TASK DETAILS
Scan the lines below for "Hinv"; report the number of lines that contain it, and only that.
::::::::::
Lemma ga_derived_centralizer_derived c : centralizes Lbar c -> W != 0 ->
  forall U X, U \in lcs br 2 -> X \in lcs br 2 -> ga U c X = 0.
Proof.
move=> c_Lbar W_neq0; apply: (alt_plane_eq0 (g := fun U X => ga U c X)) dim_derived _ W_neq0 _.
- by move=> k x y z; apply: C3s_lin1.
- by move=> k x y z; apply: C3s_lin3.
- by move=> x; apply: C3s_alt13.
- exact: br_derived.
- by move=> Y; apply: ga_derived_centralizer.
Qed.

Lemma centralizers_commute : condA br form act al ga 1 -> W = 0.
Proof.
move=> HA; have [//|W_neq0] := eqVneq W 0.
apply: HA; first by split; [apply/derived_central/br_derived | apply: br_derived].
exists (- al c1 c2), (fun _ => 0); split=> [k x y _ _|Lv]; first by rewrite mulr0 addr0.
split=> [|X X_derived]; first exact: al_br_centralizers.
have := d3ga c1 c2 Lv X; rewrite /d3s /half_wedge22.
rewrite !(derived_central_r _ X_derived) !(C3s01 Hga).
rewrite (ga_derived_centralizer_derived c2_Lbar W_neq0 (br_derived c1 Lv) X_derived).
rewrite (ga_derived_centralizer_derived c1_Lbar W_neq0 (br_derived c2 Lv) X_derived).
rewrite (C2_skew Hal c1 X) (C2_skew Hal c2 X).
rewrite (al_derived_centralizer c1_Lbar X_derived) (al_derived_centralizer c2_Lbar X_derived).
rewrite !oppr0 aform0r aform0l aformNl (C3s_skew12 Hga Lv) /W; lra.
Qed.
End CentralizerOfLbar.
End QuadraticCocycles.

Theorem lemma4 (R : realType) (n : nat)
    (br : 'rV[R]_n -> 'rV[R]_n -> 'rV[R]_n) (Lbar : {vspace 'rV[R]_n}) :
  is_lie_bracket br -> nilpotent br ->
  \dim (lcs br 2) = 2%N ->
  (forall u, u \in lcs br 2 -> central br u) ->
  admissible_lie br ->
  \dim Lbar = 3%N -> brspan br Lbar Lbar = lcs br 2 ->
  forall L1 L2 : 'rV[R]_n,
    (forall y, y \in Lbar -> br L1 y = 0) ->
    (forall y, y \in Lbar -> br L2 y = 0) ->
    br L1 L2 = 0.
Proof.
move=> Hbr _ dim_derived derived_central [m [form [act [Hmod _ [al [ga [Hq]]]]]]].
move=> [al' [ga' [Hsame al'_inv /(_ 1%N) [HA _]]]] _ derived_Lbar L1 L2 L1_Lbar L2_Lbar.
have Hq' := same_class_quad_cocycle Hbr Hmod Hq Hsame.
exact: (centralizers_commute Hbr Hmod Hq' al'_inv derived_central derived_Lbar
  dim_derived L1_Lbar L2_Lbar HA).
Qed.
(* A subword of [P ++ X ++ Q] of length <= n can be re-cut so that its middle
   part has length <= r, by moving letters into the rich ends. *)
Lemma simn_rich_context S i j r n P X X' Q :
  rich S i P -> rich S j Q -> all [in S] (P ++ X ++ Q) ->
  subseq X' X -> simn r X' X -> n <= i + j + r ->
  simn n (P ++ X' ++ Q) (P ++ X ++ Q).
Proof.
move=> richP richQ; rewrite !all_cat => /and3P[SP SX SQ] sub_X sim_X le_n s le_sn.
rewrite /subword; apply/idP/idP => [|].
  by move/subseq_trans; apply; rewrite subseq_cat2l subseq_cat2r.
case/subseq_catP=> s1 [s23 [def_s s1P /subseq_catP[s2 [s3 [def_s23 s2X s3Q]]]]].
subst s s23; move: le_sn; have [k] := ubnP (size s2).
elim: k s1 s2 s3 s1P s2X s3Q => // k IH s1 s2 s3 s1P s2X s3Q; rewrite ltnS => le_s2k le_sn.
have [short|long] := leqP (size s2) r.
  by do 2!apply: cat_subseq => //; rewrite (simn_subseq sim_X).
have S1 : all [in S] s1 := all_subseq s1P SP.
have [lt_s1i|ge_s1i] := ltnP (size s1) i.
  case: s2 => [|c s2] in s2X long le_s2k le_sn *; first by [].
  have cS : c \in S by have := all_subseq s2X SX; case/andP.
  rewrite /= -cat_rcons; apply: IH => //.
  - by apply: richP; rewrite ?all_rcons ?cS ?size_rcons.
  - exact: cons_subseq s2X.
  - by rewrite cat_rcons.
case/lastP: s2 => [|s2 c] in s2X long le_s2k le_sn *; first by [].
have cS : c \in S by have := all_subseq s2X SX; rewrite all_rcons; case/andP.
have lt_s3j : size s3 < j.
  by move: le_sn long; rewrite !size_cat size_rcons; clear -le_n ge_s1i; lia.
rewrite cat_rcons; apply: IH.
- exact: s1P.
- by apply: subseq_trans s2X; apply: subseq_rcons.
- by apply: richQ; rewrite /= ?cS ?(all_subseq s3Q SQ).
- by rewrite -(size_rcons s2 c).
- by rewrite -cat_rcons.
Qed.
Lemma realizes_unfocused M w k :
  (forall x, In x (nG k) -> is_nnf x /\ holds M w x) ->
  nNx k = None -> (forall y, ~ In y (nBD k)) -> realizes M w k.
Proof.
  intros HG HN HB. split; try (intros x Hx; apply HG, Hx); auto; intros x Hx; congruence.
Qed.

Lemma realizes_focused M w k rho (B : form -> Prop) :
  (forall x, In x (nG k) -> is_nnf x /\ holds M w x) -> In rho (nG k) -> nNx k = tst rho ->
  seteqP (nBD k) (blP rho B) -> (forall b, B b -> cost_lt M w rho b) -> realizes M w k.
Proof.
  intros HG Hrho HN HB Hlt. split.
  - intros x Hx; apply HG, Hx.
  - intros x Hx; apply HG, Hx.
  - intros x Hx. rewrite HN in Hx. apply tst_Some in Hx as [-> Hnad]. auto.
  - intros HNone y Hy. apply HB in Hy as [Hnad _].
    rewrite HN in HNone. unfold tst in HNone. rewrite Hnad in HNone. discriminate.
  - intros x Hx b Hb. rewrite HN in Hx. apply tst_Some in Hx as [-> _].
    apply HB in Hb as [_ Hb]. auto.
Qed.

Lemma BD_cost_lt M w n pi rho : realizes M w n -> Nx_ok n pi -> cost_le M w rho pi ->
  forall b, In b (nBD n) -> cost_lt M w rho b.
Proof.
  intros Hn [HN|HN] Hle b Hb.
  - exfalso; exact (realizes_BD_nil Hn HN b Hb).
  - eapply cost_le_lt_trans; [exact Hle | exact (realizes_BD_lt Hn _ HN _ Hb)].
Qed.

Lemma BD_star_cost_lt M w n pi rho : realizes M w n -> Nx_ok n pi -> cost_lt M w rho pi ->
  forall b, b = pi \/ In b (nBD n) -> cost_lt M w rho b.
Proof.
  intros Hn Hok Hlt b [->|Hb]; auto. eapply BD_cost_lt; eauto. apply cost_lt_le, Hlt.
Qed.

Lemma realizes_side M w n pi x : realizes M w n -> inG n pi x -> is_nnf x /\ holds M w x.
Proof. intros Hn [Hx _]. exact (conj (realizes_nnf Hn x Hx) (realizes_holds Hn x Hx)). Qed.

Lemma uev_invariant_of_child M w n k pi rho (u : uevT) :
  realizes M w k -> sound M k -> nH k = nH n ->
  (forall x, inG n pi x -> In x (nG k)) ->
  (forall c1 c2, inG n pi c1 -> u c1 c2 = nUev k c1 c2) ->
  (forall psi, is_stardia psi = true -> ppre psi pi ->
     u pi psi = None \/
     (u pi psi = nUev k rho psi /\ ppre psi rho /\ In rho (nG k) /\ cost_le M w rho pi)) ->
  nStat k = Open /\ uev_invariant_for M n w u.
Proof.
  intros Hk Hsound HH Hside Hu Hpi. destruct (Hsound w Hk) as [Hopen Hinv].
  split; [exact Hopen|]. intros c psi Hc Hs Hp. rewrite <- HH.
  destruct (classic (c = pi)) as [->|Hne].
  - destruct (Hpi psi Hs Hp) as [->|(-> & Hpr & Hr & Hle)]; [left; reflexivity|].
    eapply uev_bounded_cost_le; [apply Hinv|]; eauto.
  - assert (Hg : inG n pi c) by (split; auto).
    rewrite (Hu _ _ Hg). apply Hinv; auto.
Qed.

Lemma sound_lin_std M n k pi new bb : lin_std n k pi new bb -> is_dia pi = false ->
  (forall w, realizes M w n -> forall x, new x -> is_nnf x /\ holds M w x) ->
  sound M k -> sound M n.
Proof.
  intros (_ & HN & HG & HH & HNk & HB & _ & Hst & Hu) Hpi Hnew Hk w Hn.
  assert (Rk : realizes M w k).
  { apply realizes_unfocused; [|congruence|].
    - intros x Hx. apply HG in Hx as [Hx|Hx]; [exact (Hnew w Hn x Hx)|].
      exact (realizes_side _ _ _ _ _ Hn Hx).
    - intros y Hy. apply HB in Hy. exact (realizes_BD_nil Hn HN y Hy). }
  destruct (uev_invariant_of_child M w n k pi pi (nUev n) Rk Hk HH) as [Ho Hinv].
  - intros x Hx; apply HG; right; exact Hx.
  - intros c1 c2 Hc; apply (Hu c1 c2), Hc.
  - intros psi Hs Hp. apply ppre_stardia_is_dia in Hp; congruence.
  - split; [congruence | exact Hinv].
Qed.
::::::::::
TASK RESPONSE
5